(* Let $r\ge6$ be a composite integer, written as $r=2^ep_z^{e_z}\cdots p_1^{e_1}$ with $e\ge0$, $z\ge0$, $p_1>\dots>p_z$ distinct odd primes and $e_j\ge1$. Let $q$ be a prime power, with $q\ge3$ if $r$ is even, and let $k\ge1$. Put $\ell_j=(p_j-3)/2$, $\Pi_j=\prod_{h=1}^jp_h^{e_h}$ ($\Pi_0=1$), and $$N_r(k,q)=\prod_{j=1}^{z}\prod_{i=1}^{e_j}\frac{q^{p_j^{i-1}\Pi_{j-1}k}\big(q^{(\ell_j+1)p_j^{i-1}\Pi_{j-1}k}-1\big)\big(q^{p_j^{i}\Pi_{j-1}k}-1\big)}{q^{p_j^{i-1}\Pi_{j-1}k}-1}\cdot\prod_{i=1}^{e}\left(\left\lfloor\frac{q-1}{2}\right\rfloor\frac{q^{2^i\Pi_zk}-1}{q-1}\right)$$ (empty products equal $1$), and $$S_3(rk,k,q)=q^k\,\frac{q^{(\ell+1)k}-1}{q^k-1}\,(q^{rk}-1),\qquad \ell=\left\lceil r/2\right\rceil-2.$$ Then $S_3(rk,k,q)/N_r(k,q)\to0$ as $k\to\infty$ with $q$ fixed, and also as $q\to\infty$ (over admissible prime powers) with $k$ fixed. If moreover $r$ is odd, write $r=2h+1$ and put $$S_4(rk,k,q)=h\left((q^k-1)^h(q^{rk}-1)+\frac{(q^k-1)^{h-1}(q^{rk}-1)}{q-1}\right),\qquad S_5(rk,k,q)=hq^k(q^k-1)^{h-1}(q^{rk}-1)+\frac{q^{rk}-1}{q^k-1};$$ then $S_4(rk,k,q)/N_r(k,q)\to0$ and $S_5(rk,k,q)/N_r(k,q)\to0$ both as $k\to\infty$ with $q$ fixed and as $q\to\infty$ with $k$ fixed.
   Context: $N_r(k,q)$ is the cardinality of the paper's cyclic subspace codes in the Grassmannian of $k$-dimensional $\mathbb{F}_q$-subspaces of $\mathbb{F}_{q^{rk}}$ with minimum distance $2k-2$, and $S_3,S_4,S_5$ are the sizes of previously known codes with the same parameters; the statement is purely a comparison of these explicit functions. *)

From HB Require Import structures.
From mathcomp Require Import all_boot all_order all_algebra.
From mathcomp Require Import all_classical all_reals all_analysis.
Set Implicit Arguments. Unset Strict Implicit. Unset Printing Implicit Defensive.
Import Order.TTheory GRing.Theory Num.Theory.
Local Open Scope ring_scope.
☆ ☆ ☆ ☆ ☆
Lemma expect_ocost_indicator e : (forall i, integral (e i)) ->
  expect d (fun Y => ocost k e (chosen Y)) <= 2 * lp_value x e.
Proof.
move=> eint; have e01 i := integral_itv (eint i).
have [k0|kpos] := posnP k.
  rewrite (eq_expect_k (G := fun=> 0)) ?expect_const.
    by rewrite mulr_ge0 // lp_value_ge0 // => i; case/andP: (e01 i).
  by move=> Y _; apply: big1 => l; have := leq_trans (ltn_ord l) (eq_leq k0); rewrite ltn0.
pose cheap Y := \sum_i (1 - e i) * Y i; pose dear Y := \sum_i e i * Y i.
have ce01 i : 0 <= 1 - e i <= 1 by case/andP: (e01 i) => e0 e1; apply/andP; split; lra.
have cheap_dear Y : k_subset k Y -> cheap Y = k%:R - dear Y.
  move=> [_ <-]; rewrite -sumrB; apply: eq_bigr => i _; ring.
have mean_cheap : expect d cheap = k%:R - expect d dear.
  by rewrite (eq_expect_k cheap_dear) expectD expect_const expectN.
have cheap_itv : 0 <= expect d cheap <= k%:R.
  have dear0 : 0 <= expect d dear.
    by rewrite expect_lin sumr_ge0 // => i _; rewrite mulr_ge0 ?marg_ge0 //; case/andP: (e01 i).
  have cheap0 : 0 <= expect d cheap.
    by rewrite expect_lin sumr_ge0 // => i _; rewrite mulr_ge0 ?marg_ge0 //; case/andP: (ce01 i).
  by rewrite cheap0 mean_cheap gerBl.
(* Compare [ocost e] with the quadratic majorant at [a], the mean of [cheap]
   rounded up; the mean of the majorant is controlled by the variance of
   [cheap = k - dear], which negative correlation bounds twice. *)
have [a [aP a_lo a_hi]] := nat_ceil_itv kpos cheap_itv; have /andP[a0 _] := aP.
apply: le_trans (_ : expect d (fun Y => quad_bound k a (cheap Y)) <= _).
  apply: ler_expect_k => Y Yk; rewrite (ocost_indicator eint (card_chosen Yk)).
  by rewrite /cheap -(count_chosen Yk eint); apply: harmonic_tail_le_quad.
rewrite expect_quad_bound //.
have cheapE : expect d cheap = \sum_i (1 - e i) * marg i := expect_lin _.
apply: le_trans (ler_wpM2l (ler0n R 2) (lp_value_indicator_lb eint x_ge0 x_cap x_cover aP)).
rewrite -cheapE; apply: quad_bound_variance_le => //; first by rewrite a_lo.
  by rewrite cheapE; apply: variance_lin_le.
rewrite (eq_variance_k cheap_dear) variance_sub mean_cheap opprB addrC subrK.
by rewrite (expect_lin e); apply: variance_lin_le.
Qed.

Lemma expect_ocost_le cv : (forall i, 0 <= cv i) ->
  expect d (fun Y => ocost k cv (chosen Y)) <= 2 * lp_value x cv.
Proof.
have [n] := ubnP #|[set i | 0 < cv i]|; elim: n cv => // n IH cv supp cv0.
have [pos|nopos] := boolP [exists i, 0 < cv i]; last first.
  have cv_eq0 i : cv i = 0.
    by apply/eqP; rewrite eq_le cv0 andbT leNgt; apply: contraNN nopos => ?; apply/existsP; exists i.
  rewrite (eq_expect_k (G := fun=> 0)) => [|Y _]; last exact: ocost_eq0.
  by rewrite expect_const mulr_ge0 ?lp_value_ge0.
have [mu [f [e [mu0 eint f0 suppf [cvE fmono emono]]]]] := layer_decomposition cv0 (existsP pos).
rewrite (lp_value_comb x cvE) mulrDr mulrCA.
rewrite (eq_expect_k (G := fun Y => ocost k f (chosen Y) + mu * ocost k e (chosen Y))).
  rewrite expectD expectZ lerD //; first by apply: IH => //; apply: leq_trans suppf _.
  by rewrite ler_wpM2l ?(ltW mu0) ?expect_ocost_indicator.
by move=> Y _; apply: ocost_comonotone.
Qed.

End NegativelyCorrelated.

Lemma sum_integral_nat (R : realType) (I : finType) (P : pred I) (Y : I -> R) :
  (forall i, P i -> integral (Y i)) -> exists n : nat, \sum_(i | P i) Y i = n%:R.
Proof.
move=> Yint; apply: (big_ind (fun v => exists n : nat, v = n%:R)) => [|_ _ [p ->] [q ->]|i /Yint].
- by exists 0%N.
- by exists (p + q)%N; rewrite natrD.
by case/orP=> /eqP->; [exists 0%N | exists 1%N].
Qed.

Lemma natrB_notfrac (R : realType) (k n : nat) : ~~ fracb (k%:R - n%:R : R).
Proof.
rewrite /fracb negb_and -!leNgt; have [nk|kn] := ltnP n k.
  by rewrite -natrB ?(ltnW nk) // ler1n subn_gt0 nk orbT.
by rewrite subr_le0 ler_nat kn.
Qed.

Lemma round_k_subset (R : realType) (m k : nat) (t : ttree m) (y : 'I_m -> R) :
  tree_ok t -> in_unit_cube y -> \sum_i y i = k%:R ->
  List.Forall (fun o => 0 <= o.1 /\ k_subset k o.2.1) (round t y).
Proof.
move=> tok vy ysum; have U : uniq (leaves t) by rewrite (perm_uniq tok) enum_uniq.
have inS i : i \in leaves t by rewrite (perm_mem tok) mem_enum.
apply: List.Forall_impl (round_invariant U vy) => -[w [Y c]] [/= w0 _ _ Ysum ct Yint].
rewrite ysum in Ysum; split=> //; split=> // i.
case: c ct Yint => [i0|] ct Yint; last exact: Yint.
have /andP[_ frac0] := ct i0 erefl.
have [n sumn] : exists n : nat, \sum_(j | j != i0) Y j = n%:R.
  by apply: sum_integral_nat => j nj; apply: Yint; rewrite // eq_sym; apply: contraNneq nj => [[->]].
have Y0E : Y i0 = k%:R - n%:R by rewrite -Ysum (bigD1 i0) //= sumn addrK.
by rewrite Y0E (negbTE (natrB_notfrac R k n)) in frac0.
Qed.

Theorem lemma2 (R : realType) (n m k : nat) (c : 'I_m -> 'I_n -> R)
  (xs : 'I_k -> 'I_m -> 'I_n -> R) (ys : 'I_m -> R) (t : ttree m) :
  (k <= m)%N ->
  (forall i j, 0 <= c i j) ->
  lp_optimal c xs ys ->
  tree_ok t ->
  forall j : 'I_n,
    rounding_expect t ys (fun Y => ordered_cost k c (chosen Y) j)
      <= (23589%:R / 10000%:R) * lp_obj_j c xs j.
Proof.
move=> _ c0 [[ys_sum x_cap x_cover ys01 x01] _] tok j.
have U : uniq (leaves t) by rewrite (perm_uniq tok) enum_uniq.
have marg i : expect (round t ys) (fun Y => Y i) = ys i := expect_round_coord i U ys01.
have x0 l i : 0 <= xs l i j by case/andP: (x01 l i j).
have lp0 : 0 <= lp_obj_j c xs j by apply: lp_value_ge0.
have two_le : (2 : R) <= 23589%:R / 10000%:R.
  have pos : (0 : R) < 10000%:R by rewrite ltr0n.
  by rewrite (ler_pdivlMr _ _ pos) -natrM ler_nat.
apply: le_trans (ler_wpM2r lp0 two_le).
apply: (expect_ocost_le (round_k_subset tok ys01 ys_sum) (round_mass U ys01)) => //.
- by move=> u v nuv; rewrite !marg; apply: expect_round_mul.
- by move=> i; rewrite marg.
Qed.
☆ ☆ ☆ ☆ ☆
* _What you should do_:
Find how many lines in the data above include the string "fracb", and give that number alone.

* _Response below_:
2